═══ Exercise material ═══

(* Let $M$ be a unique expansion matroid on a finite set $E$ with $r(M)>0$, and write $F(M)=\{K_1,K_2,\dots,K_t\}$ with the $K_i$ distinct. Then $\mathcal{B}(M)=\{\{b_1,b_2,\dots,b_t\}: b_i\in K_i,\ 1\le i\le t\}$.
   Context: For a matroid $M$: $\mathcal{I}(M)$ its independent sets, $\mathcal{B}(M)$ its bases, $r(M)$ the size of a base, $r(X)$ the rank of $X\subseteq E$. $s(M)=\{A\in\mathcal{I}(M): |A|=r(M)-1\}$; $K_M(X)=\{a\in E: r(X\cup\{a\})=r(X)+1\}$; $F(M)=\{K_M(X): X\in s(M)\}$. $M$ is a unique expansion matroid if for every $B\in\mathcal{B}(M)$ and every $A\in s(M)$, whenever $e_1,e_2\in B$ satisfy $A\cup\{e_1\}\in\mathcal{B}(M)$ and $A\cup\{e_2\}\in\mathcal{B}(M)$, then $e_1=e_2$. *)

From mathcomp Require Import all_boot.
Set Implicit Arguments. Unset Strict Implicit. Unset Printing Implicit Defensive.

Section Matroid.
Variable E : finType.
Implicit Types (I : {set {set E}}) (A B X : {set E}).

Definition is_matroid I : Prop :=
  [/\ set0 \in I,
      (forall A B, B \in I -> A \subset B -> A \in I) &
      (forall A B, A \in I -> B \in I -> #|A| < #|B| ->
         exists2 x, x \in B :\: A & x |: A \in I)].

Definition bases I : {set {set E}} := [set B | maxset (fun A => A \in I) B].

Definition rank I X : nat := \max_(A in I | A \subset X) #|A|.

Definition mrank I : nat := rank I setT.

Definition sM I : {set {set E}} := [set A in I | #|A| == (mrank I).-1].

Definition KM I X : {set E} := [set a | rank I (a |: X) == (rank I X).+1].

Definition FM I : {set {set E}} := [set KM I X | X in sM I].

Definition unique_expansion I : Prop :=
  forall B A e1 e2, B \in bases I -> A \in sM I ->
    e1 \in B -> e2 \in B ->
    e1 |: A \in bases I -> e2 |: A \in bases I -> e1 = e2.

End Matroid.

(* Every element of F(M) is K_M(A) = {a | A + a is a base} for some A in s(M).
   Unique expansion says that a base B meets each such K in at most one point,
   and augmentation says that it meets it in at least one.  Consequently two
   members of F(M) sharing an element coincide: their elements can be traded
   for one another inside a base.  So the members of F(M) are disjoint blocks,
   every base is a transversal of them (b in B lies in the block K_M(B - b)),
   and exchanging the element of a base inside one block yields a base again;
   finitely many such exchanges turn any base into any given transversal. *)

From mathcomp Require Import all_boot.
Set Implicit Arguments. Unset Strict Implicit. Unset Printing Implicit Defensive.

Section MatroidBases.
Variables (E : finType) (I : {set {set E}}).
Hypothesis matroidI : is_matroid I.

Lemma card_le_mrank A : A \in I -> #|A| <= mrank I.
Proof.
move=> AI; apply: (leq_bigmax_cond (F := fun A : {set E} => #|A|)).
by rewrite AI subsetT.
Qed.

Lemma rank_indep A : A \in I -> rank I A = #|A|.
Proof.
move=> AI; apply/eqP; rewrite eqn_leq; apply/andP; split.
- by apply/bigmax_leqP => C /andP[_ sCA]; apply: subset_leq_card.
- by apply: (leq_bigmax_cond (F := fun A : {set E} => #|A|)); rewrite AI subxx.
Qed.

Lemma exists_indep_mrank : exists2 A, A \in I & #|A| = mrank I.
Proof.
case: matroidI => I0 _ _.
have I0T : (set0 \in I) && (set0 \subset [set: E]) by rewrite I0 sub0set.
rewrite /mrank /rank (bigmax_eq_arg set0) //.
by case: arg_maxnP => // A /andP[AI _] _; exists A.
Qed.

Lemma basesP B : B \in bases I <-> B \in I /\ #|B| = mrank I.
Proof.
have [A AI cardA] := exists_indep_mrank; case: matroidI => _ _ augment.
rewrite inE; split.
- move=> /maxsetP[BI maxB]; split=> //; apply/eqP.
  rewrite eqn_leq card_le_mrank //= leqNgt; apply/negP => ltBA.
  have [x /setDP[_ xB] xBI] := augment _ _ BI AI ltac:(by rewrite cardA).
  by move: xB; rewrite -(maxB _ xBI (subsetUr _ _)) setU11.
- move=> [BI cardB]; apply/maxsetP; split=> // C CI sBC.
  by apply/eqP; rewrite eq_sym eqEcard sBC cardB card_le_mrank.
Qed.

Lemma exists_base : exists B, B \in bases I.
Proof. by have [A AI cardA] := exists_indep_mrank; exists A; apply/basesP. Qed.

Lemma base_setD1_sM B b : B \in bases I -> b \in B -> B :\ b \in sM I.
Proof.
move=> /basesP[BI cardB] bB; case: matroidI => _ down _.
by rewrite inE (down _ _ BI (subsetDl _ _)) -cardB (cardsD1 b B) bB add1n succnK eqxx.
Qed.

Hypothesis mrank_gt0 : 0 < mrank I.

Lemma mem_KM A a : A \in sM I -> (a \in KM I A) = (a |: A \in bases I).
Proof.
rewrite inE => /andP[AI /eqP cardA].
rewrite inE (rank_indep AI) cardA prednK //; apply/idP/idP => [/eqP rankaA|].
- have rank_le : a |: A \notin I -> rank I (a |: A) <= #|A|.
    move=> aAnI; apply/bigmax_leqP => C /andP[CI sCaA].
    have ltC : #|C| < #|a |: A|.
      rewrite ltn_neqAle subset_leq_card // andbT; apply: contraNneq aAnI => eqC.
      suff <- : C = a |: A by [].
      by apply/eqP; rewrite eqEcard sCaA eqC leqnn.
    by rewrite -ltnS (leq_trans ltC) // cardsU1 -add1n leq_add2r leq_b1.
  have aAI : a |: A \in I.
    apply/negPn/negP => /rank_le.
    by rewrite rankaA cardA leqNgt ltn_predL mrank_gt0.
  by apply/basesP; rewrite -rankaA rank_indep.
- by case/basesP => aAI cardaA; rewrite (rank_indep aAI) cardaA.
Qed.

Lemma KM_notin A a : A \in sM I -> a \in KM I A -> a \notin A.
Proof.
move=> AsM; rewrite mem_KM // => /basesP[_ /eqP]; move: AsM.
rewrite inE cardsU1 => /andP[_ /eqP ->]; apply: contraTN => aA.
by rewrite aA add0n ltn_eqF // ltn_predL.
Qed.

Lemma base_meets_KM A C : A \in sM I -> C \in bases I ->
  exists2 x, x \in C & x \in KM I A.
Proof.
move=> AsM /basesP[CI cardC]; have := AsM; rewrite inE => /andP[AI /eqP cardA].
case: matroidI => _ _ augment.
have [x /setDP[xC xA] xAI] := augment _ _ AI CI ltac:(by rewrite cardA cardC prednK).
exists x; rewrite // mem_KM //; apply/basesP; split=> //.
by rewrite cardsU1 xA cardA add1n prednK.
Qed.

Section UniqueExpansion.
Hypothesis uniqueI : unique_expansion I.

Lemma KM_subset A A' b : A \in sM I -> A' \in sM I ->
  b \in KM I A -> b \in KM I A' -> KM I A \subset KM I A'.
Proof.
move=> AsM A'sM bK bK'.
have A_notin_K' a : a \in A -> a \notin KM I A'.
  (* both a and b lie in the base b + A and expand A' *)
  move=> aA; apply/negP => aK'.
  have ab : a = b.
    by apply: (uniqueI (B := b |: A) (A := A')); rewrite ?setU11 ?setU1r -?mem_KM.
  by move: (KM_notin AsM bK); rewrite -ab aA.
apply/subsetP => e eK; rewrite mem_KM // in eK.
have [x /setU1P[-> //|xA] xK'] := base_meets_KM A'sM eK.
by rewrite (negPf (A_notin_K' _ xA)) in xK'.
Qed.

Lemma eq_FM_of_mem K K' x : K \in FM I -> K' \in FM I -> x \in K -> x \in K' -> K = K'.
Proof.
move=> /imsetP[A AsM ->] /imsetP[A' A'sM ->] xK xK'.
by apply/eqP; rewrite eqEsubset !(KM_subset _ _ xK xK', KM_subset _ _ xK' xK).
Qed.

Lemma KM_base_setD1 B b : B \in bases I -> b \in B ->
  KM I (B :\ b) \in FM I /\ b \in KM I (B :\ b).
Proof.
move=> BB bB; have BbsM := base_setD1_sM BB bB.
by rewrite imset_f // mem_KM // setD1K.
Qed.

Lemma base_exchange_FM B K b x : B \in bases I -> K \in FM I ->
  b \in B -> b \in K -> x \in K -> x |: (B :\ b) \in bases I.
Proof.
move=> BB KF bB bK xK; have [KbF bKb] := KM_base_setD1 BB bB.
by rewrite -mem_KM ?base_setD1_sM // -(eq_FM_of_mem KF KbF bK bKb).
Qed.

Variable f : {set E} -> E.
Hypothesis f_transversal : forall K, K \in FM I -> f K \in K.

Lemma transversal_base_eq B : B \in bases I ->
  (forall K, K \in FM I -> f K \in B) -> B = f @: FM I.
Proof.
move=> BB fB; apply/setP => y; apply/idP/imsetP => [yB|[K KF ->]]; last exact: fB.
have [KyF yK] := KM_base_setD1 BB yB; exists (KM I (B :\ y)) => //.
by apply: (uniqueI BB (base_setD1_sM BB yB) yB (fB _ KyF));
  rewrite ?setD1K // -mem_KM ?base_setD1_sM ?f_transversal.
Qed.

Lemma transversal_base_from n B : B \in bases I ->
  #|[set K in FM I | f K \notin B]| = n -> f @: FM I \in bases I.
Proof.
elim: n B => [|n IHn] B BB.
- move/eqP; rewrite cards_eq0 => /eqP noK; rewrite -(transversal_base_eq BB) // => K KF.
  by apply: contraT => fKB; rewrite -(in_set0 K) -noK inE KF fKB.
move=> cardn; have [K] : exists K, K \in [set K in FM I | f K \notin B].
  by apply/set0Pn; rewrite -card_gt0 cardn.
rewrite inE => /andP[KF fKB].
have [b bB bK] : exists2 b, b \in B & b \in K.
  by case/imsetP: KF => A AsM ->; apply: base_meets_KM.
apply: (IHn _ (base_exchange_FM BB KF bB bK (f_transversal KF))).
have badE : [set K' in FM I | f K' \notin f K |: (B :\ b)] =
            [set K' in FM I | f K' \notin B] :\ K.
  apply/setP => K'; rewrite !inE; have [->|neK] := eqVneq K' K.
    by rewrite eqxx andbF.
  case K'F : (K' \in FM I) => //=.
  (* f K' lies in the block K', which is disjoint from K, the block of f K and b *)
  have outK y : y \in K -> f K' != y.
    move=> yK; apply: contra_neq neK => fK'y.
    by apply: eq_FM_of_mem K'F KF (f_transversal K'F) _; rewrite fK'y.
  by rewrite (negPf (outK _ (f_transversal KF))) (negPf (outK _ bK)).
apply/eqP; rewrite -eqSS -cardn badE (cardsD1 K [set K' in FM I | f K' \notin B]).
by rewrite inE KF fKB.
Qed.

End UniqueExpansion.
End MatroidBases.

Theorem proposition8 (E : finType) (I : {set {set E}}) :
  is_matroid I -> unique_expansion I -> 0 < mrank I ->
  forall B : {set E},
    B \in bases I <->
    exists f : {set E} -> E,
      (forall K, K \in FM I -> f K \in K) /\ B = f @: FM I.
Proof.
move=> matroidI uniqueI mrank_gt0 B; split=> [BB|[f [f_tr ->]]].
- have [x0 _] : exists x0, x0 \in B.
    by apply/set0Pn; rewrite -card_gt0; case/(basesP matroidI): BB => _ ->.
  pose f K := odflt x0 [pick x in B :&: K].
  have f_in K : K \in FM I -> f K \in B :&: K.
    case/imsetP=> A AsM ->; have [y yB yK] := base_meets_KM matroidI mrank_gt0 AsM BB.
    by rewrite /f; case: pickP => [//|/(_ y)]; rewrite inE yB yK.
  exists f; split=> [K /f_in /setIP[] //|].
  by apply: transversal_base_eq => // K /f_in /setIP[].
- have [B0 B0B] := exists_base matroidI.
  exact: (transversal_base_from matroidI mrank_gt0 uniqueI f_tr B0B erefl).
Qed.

═══

Work task
From the records above, print exactly the lines that run from the line with "by apply/set0Pn; rewrite -card_gt0 cardn." to the line with "- have [B0 B0B] := exists_base matroidI.", inclusive.

Finished task
  by apply/set0Pn; rewrite -card_gt0 cardn.
rewrite inE => /andP[KF fKB].
have [b bB bK] : exists2 b, b \in B & b \in K.
  by case/imsetP: KF => A AsM ->; apply: base_meets_KM.
apply: (IHn _ (base_exchange_FM BB KF bB bK (f_transversal KF))).
have badE : [set K' in FM I | f K' \notin f K |: (B :\ b)] =
            [set K' in FM I | f K' \notin B] :\ K.
  apply/setP => K'; rewrite !inE; have [->|neK] := eqVneq K' K.
    by rewrite eqxx andbF.
  case K'F : (K' \in FM I) => //=.
  (* f K' lies in the block K', which is disjoint from K, the block of f K and b *)
  have outK y : y \in K -> f K' != y.
    move=> yK; apply: contra_neq neK => fK'y.
    by apply: eq_FM_of_mem K'F KF (f_transversal K'F) _; rewrite fK'y.
  by rewrite (negPf (outK _ (f_transversal KF))) (negPf (outK _ bK)).
apply/eqP; rewrite -eqSS -cardn badE (cardsD1 K [set K' in FM I | f K' \notin B]).
by rewrite inE KF fKB.
Qed.

End UniqueExpansion.
End MatroidBases.

Theorem proposition8 (E : finType) (I : {set {set E}}) :
  is_matroid I -> unique_expansion I -> 0 < mrank I ->
  forall B : {set E},
    B \in bases I <->
    exists f : {set E} -> E,
      (forall K, K \in FM I -> f K \in K) /\ B = f @: FM I.
Proof.
move=> matroidI uniqueI mrank_gt0 B; split=> [BB|[f [f_tr ->]]].
- have [x0 _] : exists x0, x0 \in B.
    by apply/set0Pn; rewrite -card_gt0; case/(basesP matroidI): BB => _ ->.
  pose f K := odflt x0 [pick x in B :&: K].
  have f_in K : K \in FM I -> f K \in B :&: K.
    case/imsetP=> A AsM ->; have [y yB yK] := base_meets_KM matroidI mrank_gt0 AsM BB.
    by rewrite /f; case: pickP => [//|/(_ y)]; rewrite inE yB yK.
  exists f; split=> [K /f_in /setIP[] //|].
  by apply: transversal_base_eq => // K /f_in /setIP[].
- have [B0 B0B] := exists_base matroidI.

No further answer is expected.